(* y lies in the image of U(n^-_{r-1}[t]) (the subalgebra generated by the
   images of the x^-_{i,j} (x) t^a, 1 <= i <= j <= r-1) *)
Definition in_U_nminus (K : fieldType) (A : algType K) (r : nat)
  (phi : nat -> 'M[K]_(r.+1) -> A) (y : A) : Prop :=
  exists l : seq (K * seq (nat * nat * nat)),
    (forall p, lIn p l -> all (nminus_letter r) p.2) /\
    y = \sum_(p <- l) p.1 *: nminus_word phi p.2.

(* eta = sum_k eta_k alpha_{k+1} in Q^+ (0-based k < r), evaluated at h in the
   Cartan subalgebra: alpha_{k+1}(h) = h_{kk} - h_{k+1,k+1}. *)
Definition root_eval (K : fieldType) (r : nat) (eta : 'I_r -> nat)
  (h : 'M[K]_(r.+1)) : K :=
  \sum_(k < r) (eta k)%:R * (h (inord k) (inord k) - h (inord k.+1) (inord k.+1)).

(* y has weight -eta for the adjoint action of h (identified with h (x) t^0) *)
Definition has_weight_neg (K : fieldType) (A : algType K) (r : nat)
  (phi : nat -> 'M[K]_(r.+1) -> A) (eta : 'I_r -> nat) (y : A) : Prop :=
  forall h : 'M[K]_(r.+1), is_diag_mx h -> \tr h = 0 ->
    phi 0%N h * y - y * phi 0%N h = - (root_eval eta h) *: y.

(* An element of F_+^r: for each i in 1..r (0-based k < r) a nondecreasing
   sequence s_i of positive integers; ell_i = size s_i. *)
Definition in_Fplus (s : seq nat) : bool := sorted leq s && all (fun x => 0 < x)%N s.
Definition in_Fplus_r (r : nat) (S : 'I_r -> seq nat) : Prop :=
  forall k, in_Fplus (S k).

Definition xplus_mono (K : fieldType) (A : algType K) (r : nat)
  (phi : nat -> 'M[K]_(r.+1) -> A) (i : nat) (s : seq nat) : A :=
  \prod_(a <- s) phi a (xplus K r i r).

Definition xplus_r (K : fieldType) (A : algType K) (r : nat)
  (phi : nat -> 'M[K]_(r.+1) -> A) (S : 'I_r -> seq nat) : A :=
  \prod_(k < r) xplus_mono phi k.+1 (S k).

Definition abs_s (r : nat) (S : 'I_r -> seq nat) : 'I_r -> nat :=
  fun k => sumn (S k).

Definition btri (r : nat) (d d' : 'I_r -> nat) : Prop :=
  exists s : 'I_r, (forall i : 'I_r, (s < i)%N -> d i = d' i) /\ (d' s < d s)%N.

From HB Require Import structures.
From mathcomp Require Import all_boot all_order all_algebra.
From mathcomp Require Import zify.
From Stdlib Require Import FunctionalExtensionality.
Import Order.TTheory GRing.Theory Num.Theory.
Set Implicit Arguments. Unset Strict Implicit. Unset Printing Implicit Defensive.
Local Open Scope ring_scope.
(* Master estimate with N = 2(n+1) shells, n = floor |ln r|: then
   eps / 2^N <= r and N <= 2 |ln r| + 2, so that I <= 96 / ln |ln r|. *)
Lemma Iloc_le_lnln eps r x : 0 < eps -> eps <= 1 -> 0 < r -> r < 1 / 5 ->
  (Iloc eps r x <= (96 / ln `|ln r|)%:E)%E.
Proof.
move=> e0 e1 r0 r5.
have L5 := ln5_lt_abs_ln r0 r5; have l5 := ln5_gt1 R; have l2_gt0 := lnln_gt0 r0 r5.
have rho0 := rho_ge0 r0 r5.
have [n /andP[Ln nL]] : exists n : nat, n%:R <= `|ln r| < n.+1%:R.
  by exists (Num.truncn `|ln r|); apply: truncn_itv.
apply: le_trans (Iloc_le_master x e0 r0 rho0 (2 * n.+1)) _.
have scale_le : eps / 2 ^+ (2 * n.+1) <= r.
  apply: le_trans (inv_pow4_le r0 _ (ltW nL)); last lra.
  by rewrite ler_pM2r ?invr_gt0 ?exprn_gt0.
have sq_le : (eps / 2 ^+ (2 * n.+1)) ^+ 2 <= r ^+ 2.
  by apply: lerXn2r; rewrite // nnegrE ltW ?(dyadic_scale_gt0 e0).
have N_le : (2 * n.+1)%:R <= 2 * `|ln r| + 2 :> R by rewrite natrM -natr1; lra.
have rhoE : 96 / ln `|ln r| = 96 * (rho r * r ^+ 2 * `|ln r|).
  by rewrite /rho; field; rewrite !gt_eqF //; lra.
have P0 : 0 <= rho r * r ^+ 2 by exact: mulr_ge0 rho0 (sqr_ge0 r).
have shells_le : 0 <= (2 * `|ln r| + 2 - (2 * n.+1)%:R) * (rho r * r ^+ 2).
  by apply: mulr_ge0; lra.
have tail_le : 0 <= (r ^+ 2 - (eps / 2 ^+ (2 * n.+1)) ^+ 2) * rho r.
  by apply: mulr_ge0; lra.
have L_ge1 : 0 <= (`|ln r| - 1) * (rho r * r ^+ 2) by apply: mulr_ge0; lra.
by rewrite lee_fin rhoE; lra.
Qed.

(* Master estimate with N = 0, for eps <= r^2:
   I <= (64/3) eps^2 rho(r) <= (64/3) eps rho(r) r^2 <= (64/3) eps / (ln 5 ln ln 5). *)
Lemma Iloc_le_eps eps r x : 0 < eps -> 0 < r -> r < 1 / 5 -> eps <= r ^+ 2 ->
  (Iloc eps r x <= (64 / 3 * eps / (ln 5 * ln (ln 5)))%:E)%E.
Proof.
move=> e0 r0 r5 eps_le; have rho0 := rho_ge0 r0 r5.
apply: le_trans (Iloc_le_master x e0 r0 rho0 0) _.
have rho_r2 := rho_sqr_le r0 r5.
have eps_le' : 0 <= (r ^+ 2 - eps) * eps * rho r.
  by apply: mulr_ge0 => //; apply: mulr_ge0; lra.
have rho_r2' : 0 <= ((ln 5 * ln (ln 5))^-1 - rho r * r ^+ 2) * eps.
  by apply: mulr_ge0; lra.
by rewrite lee_fin expr0 divr1 mul0r add0r; lra.
Qed.

End two_regimes.

(* The integral is small uniformly in x and r once eps is small: for r^2 <= eps
   the first regime applies and |ln r| is large, for eps < r^2 the second one
   applies. *)
Lemma Iloc_uniformly_small (R : realType) (d : R) : 0 < d ->
  exists2 eta : R, 0 < eta & forall eps r x,
    0 < eps < eta -> 0 < r < 1 / 5 -> (Iloc eps r x <= d%:E)%E.
Proof.
move=> d0; have l5 := ln5_gt1 R.
have c_gt0 : 0 < ln (5 : R) * ln (ln 5) by rewrite mulr_gt0 ?ln_gt0 //; lra.
exists (Num.min 1 (Num.min (expR (- (2 * expR (96 / d))))
                           (3 / 64 * d * (ln 5 * ln (ln 5))))).
  by rewrite !lt_min ltr01 expR_gt0 /=; nra.
move=> eps r x /andP[e0]; rewrite !lt_min => /and3P[e1 e2 e3] /andP[r0 r5].
have [r2_le|r2_gt] := leP (r ^+ 2) eps.
- apply: le_trans (Iloc_le_lnln x e0 (ltW e1) r0 r5) _.
  have l2_gt0 := lnln_gt0 r0 r5.
  have l2_ge : 96 / d <= ln `|ln r| by apply: lnln_ge r0 _ r2_le e2; lra.
  by rewrite lee_fin ler_pdivrMr //; rewrite ler_pdivrMr // in l2_ge; lra.
- apply: le_trans (Iloc_le_eps x e0 r0 r5 (ltW r2_gt)) _.
  by rewrite lee_fin ler_pdivrMr //; lra.
Qed.

Lemma cvge0_squeeze (T : Type) (F : set_system T) (FF : Filter F) (R : realType)
    (f : T -> \bar R) :
  (\forall t \near F, 0 <= f t)%E ->
  (forall d : R, 0 < d -> \forall t \near F, (f t <= d%:E)%E) ->
  f @ F --> 0%E.
Proof.
move=> f_ge0 f_small.
have f_fin : \forall t \near F, f t \is a fin_num.
  apply: filterS2 f_ge0 (f_small 1 ltr01) => t ft0 ft1.
  by rewrite ge0_fin_numE // (le_lt_trans ft1) ?ltry.
apply/fine_cvgP; split => //; apply/cvgrPdist_le => d d0.
apply: filterS3 f_ge0 (f_small d d0) f_fin => t ft0 ftd ftfin.
by rewrite sub0r normrN ger0_norm ?fine_ge0 // -lee_fin fineK.
Qed.

Lemma Iloc_ge0 (R : realType) (eps r : R) x : (0 <= Iloc eps r x)%E.
Proof. by apply: integral_ge0 => z _; rewrite lee_fin divr_ge0 ?sqrtr_ge0. Qed.

Lemma supI_ge0 (R : realType) (eps : R) : (0 <= supI eps)%E.
Proof.
apply: le_trans (Iloc_ge0 eps (1 / 10) (0, 0, 0)) _.
by apply: ereal_sup_ubound; exists (0, 0, 0), (1 / 10); split => //; apply/andP; split; lra.
Qed.

Theorem lemma4p1 (R : realType) :
  (fun eps : R => supI eps) @ 0^'+ --> (0 : \bar R)%E.
Proof.
apply: cvge0_squeeze; first by apply: nearW => eps; exact: supI_ge0.
move=> d d0; have [eta eta0 Iloc_small] := Iloc_uniformly_small d0.
near=> eps; apply: ge_ereal_sup => _ [x [r [r_range ->]]].
apply: Iloc_small r_range; apply/andP; split; near: eps.
- exact: nbhs_right_gt.
- exact: nbhs_right_lt.
Unshelve. all: by end_near.
Qed.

# [EXERCISE INSTRUCTIONS]
Give back exactly the lines of the listing above that run from the line with "have scale_le : eps / 2 ^+ (2 * n.+1) <= r." to the line with "by rewrite /rho;", inclusive.

# [FINISHED EXERCISE]
have scale_le : eps / 2 ^+ (2 * n.+1) <= r.
  apply: le_trans (inv_pow4_le r0 _ (ltW nL)); last lra.
  by rewrite ler_pM2r ?invr_gt0 ?exprn_gt0.
have sq_le : (eps / 2 ^+ (2 * n.+1)) ^+ 2 <= r ^+ 2.
  by apply: lerXn2r; rewrite // nnegrE ltW ?(dyadic_scale_gt0 e0).
have N_le : (2 * n.+1)%:R <= 2 * `|ln r| + 2 :> R by rewrite natrM -natr1; lra.
have rhoE : 96 / ln `|ln r| = 96 * (rho r * r ^+ 2 * `|ln r|).
  by rewrite /rho; field; rewrite !gt_eqF //; lra.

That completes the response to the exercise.